Glucose-lowering with exogenous insulin monotherapy in type 2 diabetes: dose association with all-cause mortality, cardiovascular events, and incident cancer
To evaluate the association between insulin exposure and all-cause mortality, incident major adverse cardiovascular events (MACE), and incident cancer in people with type 2 diabetes treated with insulin monotherapy.
Materials and methods:
For this retrospective study, people with type 2 diabetes who progressed to insulin monotherapy from 2000 were identified from the UK Clinical Practice Research Datalink.
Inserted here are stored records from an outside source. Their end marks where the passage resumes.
(* For every $n \geq 3$, the set $\{D_n\}$ is equidistributed.
   Context: A linear arrangement of $\{1,\ldots,n\}$ is a sequence $a_1\cdots a_n$ in which each of $1,\ldots,n$ appears exactly once. It contains the pattern $ij$ if $a_t=i$ and $a_{t+1}=j$ for some $t$; otherwise it avoids it. $\{D_n\}$ is the set of linear arrangements of $\{1,\ldots,n\}$ avoiding all of the patterns $12, 23, \ldots, (n-1)n, n1$. For a set $X$ of linear arrangements of $\{1,\ldots,n\}$ and $i\in\{1,\ldots,n\}$, the class $X^{(i)}$ is the set of arrangements in $X$ whose first entry is $i$. $X$ is called equidistributed if it is partitioned into its nonempty classes and all nonempty classes $X^{(i)}$ have the same cardinality. *)

From mathcomp Require Import all_boot all_fingroup.
Set Implicit Arguments. Unset Strict Implicit. Unset Printing Implicit Defensive.

(* A linear arrangement a_1 ... a_n of {1,...,n} is encoded as a permutation
   s : {perm 'I_n}, with a_{t+1} = (s t) + 1 (positions and values shifted
   down by one, so both range over {0,...,n-1}). *)

Definition contains_pattern n (s : {perm 'I_n}) (i j : nat) : bool :=
  [exists t : 'I_n, exists u : 'I_n,
     [&& val u == (val t).+1, val (s t) == i & val (s u) == j]].

(* D_n : arrangements avoiding 12, 23, ..., (n-1)n, n1;
   in 0-based values: avoid (k, (k+1) mod n) for every k < n *)
Definition Dn n : {set {perm 'I_n}} :=
  [set s | [forall k : 'I_n, ~~ contains_pattern s k (k.+1 %% n)]].

Definition arr_class n (X : {set {perm 'I_n}}) (i : nat) : {set {perm 'I_n}} :=
  [set s in X | [exists t : 'I_n, (val t == 0) && (val (s t) == i)]].

Definition equidistributed n (X : {set {perm 'I_n}}) : Prop :=
  forall i j : 'I_n, arr_class X i != set0 -> arr_class X j != set0 ->
    #|arr_class X i| = #|arr_class X j|.

From mathcomp Require Import all_boot all_fingroup.
Set Implicit Arguments. Unset Strict Implicit. Unset Printing Implicit Defensive.

(* The forbidden patterns k(k+1) are the adjacencies of the n-cycle, so adding
   1 (mod n) to every entry maps D_n bijectively onto itself and the class of
   arrangements starting with i onto the class starting with i+1.  Hence all
   classes have the same size, for every n. *)

Lemma ordS_invariant_const n T (f : 'I_n -> T) :
  (forall i, f (ordS i) = f i) -> forall i j, f i = f j.
Proof.
case: n f => [|m] f fS i j; first by case: i.
suff f_ord0 (k : 'I_m.+1) : f k = f ord0 by rewrite !f_ord0.
case: k => k; elim: k => [|k IHk] lt_k; first by congr f; apply: val_inj.
rewrite -(IHk (ltnW lt_k)) -[RHS]fS; congr f; apply: val_inj.
by rewrite /= modn_small.
Qed.

Section ValueRotation.
Variable n : nat.

Definition rot : {perm 'I_n} := perm (@ordS_inj n).

Lemma rotE x : rot x = ordS x.
Proof. by rewrite permE. Qed.

Lemma eq_val_ordS (x y : 'I_n) : (val (ordS x) == val (ordS y)) = (val x == val y).
Proof. by rewrite !val_eqE (inj_eq (@ordS_inj n)). Qed.

Lemma contains_pattern_rot s (a b : 'I_n) :
  contains_pattern (s * rot)%g (ordS a) (ordS b) = contains_pattern s a b.
Proof.
apply/existsP/existsP => -[t /existsP [u tu]]; exists t; apply/existsP; exists u;
  by rewrite !permM !rotE !eq_val_ordS in tu *.
Qed.

Lemma DnE : Dn n = [set s | [forall k : 'I_n, ~~ contains_pattern s k (ordS k)]].
Proof. by []. Qed.

Lemma Dn_rot s : ((s * rot)%g \in Dn n) = (s \in Dn n).
Proof.
rewrite DnE !inE; apply/forallP/forallP => avoid k.
  by rewrite -contains_pattern_rot; apply: avoid (ordS k).
by rewrite -[k]ord_predK contains_pattern_rot; apply: avoid.
Qed.

Lemma arr_class_rot (i : 'I_n) :
  arr_class (Dn n) (ordS i) = (fun s => s * rot)%g @: arr_class (Dn n) i.
Proof.
have first_rot s : [exists t : 'I_n, (val t == 0) && (val ((s * rot)%g t) == ordS i)]
    = [exists t : 'I_n, (val t == 0) && (val (s t) == i)].
  by apply: eq_existsb => t; rewrite permM rotE eq_val_ordS.
apply/setP => s; rewrite -[s](mulgKV rot) (mem_imset _ _ (mulIg rot)).
by rewrite inE [RHS]inE Dn_rot first_rot.
Qed.

Lemma card_arr_class_ordS (i : 'I_n) :
  #|arr_class (Dn n) (ordS i)| = #|arr_class (Dn n) i|.
Proof. by rewrite arr_class_rot card_imset //; apply: mulIg. Qed.

End ValueRotation.

Theorem proposition4p3 (n : nat) : 3 <= n -> equidistributed (Dn n).
Proof.
move=> _ i j _ _.
exact: (@ordS_invariant_const n _ (fun k => #|arr_class (Dn n) k|)
         (@card_arr_class_ordS n)).
Qed.
Theorem lemma6p1 (n : nat) (g : rel 'I_n) :
  sat_K23_graph g ->
  min_degree_eq g 3 ->
  (forall a : 'I_n, deg g a = 3 ->
     forall x y, g a x -> g a y -> x != y -> g x y) ->
  2 * n - 2 <= nedges g.
Proof.
move=> [[g_simple [g_K23free g_saturated]] _] [deg_ge3 [a0 deg_a0]] nbhd_clique.
have [g_irrefl g_sym] := g_simple.
have card_cover :=
  card_cover_deg3_closed_nbhds g_irrefl g_sym g_K23free nbhd_clique g_saturated deg_a0.
set F := deg3_closed_nbhds g in card_cover *.
have sum_card_F : \sum_(Q in F) #|Q| = 4 * #|F|.
  rewrite mulnC -sum_nat_const; apply: eq_bigr => Q /mem_deg3_closed_nbhds[a deg_a ->].
  exact: card_closed_nbhd.
have sum_deg_ge : 3 * (4 * #|F|) + 4 * #|~: cover F| <= 2 * nedges g.
  rewrite -sum_deg // -sum_card_F -sum_card_incident -sum_mem_card !big_distrr -big_split.
  by apply: leq_sum => v _; exact: deg_ge_incident.
have := cardsC (cover F); rewrite card_ord.
lia.
Qed.
(* For $n\ge1$ let $$\Delta_n(t)=\sum_{k=0}^{n-1}(-1)^k(2k+1)\big(t^k+t^{2n-k}\big)+(-1)^n(2n+1)t^n,$$ the Alexander polynomial of the 2-bridge knot $K([\underbrace{2,\dots,2}_{n},\underbrace{-2,\dots,-2}_{n}])$. Then no zero of $\Delta_n$ has modulus $1$. Moreover: (1) if $n$ is odd, $\Delta_n$ has exactly two real zeros and all other zeros are non-real; (2) if $n$ is even, $\Delta_n$ has no real zeros. *)

From HB Require Import structures.
From mathcomp Require Import all_boot all_order all_algebra.
Set Implicit Arguments. Unset Strict Implicit. Unset Printing Implicit Defensive.
Import Order.TTheory GRing.Theory Num.Theory.
Local Open Scope ring_scope.

Definition Delta (R : nzRingType) (n : nat) : {poly R} :=
  \sum_(k < n) (((-1) ^+ k * (2 * k + 1)%:R) *: ('X^k + 'X^(2 * n - k)))
  + ((-1) ^+ n * (2 * n + 1)%:R) *: 'X^n.

From HB Require Import structures.
From mathcomp Require Import all_boot all_order all_algebra.
From mathcomp.algebra_tactics Require Import ring.
From mathcomp Require Import zify.
Import Order.TTheory GRing.Theory Num.Theory.
Local Open Scope ring_scope.

(* The whole argument rests on the closed form
       (t + 1)^2 Delta_n(t) = Phi_n(t) := (t - 1)(t^(2n+1) - 1) + 4 (-1)^n t^(n+1),
   obtained by telescoping the two halves of the sum (section ClosedForm).
   Besides, at a nonpositive real -u all signs of Delta_n cancel, so Delta_n is
   positive on (-oo, 0]: every real root is positive, and -1 is not a root.
   - Unit circle: if |t| = 1 then conj t = 1/t, and Phi_n(t) = 0 forces
     |s t^n t + 1|^2 + |s t^n - 1|^2 = 0 (s = (-1)^n), hence t = -1.
   - n even: Phi_n > 0 on (0, +oo), so there is no real root.
   - n odd: on (0, +oo), Phi_n(t) = t^(n+1) (H_n(t) - 4) where
     H_n(t) = (t - 1)(t^n - t^-(n+1)) is increasing on (1, +oo); Phi_n(1) < 0 <
     Phi_n(4) and an intermediate value theorem for real polynomials over a
     numeric closed field (section RealPolynomialIVT) give exactly one root
     r > 1, and the palindromic symmetry t |-> 1/t shows that the real roots
     are exactly r and 1/r. *)

Section ClosedForm.
Context {R : comNzRingType}.
Implicit Types (n : nat) (t : R).

(* The right-hand side of the closed form of Delta_n:
   (t - 1) (t^(2n+1) - 1) + 4 (-1)^n t^(n+1), with powers kept as products
   of t^n and t so that they are ring atoms. *)
Definition Phi n t : R :=
  (t - 1) * (t ^+ n * t ^+ n * t - 1) + 4 * (-1) ^+ n * t ^+ n * t.

Lemma horner_Delta n t : (Delta R n).[t] =
  \sum_(k < n) ((-1) ^+ k * (2 * k + 1)%:R) * (t ^+ k + t ^+ (2 * n - k))
  + ((-1) ^+ n * (2 * n + 1)%:R) * t ^+ n.
Proof.
rewrite /Delta hornerD horner_sum hornerZ hornerXn; congr (_ + _).
by apply: eq_bigr => k _; rewrite hornerZ hornerD !hornerXn.
Qed.

Lemma lower_half_sum n t :
  (t + 1) ^+ 2 * \sum_(k < n) ((-1) ^+ k * (2 * k + 1)%:R) * t ^+ k
  = 1 - t - (-1) ^+ n * (2 * n%:R + 1) * t ^+ n
    - (-1) ^+ n * (2 * n%:R - 1) * t ^+ n * t.
Proof.
elim: n => [|n IHn]; first by rewrite big_ord0 !expr0; ring.
by rewrite big_ord_recr /= mulrDr IHn !exprS; ring.
Qed.
(* Let $L$ be an atomic orthomodular lattice and let $V\in\mathcal{B}(L)$ be a $2$-dimensional Boolean subalgebra, with generating family $\mathcal{F}_V=\{P,P^{\perp}\}$. Then: (i) if $V$ is maximal in $\mathcal{B}(L)$, then $P$ and $P^{\perp}$ are (complementary) atoms of $L$; (ii) if $V$ is included in a $3$-dimensional $W\in\mathcal{B}(L)$ that is maximal in $\mathcal{B}(L)$, then one of $P,P^{\perp}$ is an atom of $L$ and the other is the join of two atoms of $L$; moreover, $W$ contains precisely two $2$-dimensional elements of $\mathcal{B}(L)$ other than $V$; (iii) if $V$ is neither maximal in $\mathcal{B}(L)$ nor included in a $3$-dimensional element of $\mathcal{B}(L)$ that is maximal in $\mathcal{B}(L)$, then one of $P,P^{\perp}$ is an atom of $L$ if and only if every $4$-dimensional $W\in\mathcal{B}(L)$ with $V\subseteq W$ contains precisely three $3$-dimensional elements $V_1,V_2,V_3\in\mathcal{B}(L)$ with $V\subset V_i$ for $i=1,2,3$.
   Context: $L$ is a lattice with least element $0$, greatest element $1$ and an orthocomplementation $P\mapsto P^{\perp}$, which is orthomodular and atomic (every nonzero element lies above an atom, i.e. a minimal nonzero element). Elements $P,Q$ are orthogonal if $P\le Q^{\perp}$. A Boolean subalgebra (BSA) $V$ of $L$ is said to be generated by a family $\mathcal{F}$ of nonzero pairwise orthogonal elements of $L$ with join $1$ if the elements of $\mathcal{F}$ are the atoms of $V$ and every element of $V$ is a join of elements of $\mathcal{F}$; this family is denoted $\mathcal{F}_V$. $\mathcal{B}(L)$ denotes the set of those BSAs of $L$ that are generated by some such family, partially ordered by inclusion (only such BSAs are considered). The dimension of $V\in\mathcal{B}(L)$ is the cardinality of $\mathcal{F}_V$. ''Maximal'' means maximal in the poset $\mathcal{B}(L)$. *)

From mathcomp Require Import all_boot all_order.
Set Implicit Arguments. Unset Strict Implicit. Unset Printing Implicit Defensive.
Import Order.TTheory.
Local Open Scope order_scope.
The risks of progression to serious adverse outcomes—all-cause mortality, major adverse cardiac events, and cancer—were compared using Cox proportional hazards models. In the main analysis, insulin exposure was introduced into the model as prescribed international units per kilogram per day, as a cumulative, continuous, annually updated, time-dependent covariable.
6,484 subjects with type 2 diabetes who progressed to treatment with insulin monotherapy from 2000 onwards were followed up for a mean of 3.3 years. The number of events was as follows: deaths, 1,110; incident MACE, 342; incident cancers, 382. Unadjusted event rates were 61.3 deaths per 1,000 person years, 26.4 incident MACE per 1,000 person years, and 24.6 incident cancers per 1,000 person years. The adjusted hazard ratios in relation to one unit increases in insulin dose were 1.54 (95% CI 1.32–1.78) for all-cause mortality, 1.37 (1.05–1.81) for MACE, and 1.35 (1.04–1.75) for cancer.
There was an association between increasing exogenous insulin dose and increased risk of all-cause mortality, cancer and MACE in people with type 2 diabetes. Limitations of observational studies mean that this should be further investigated using an interventional study design.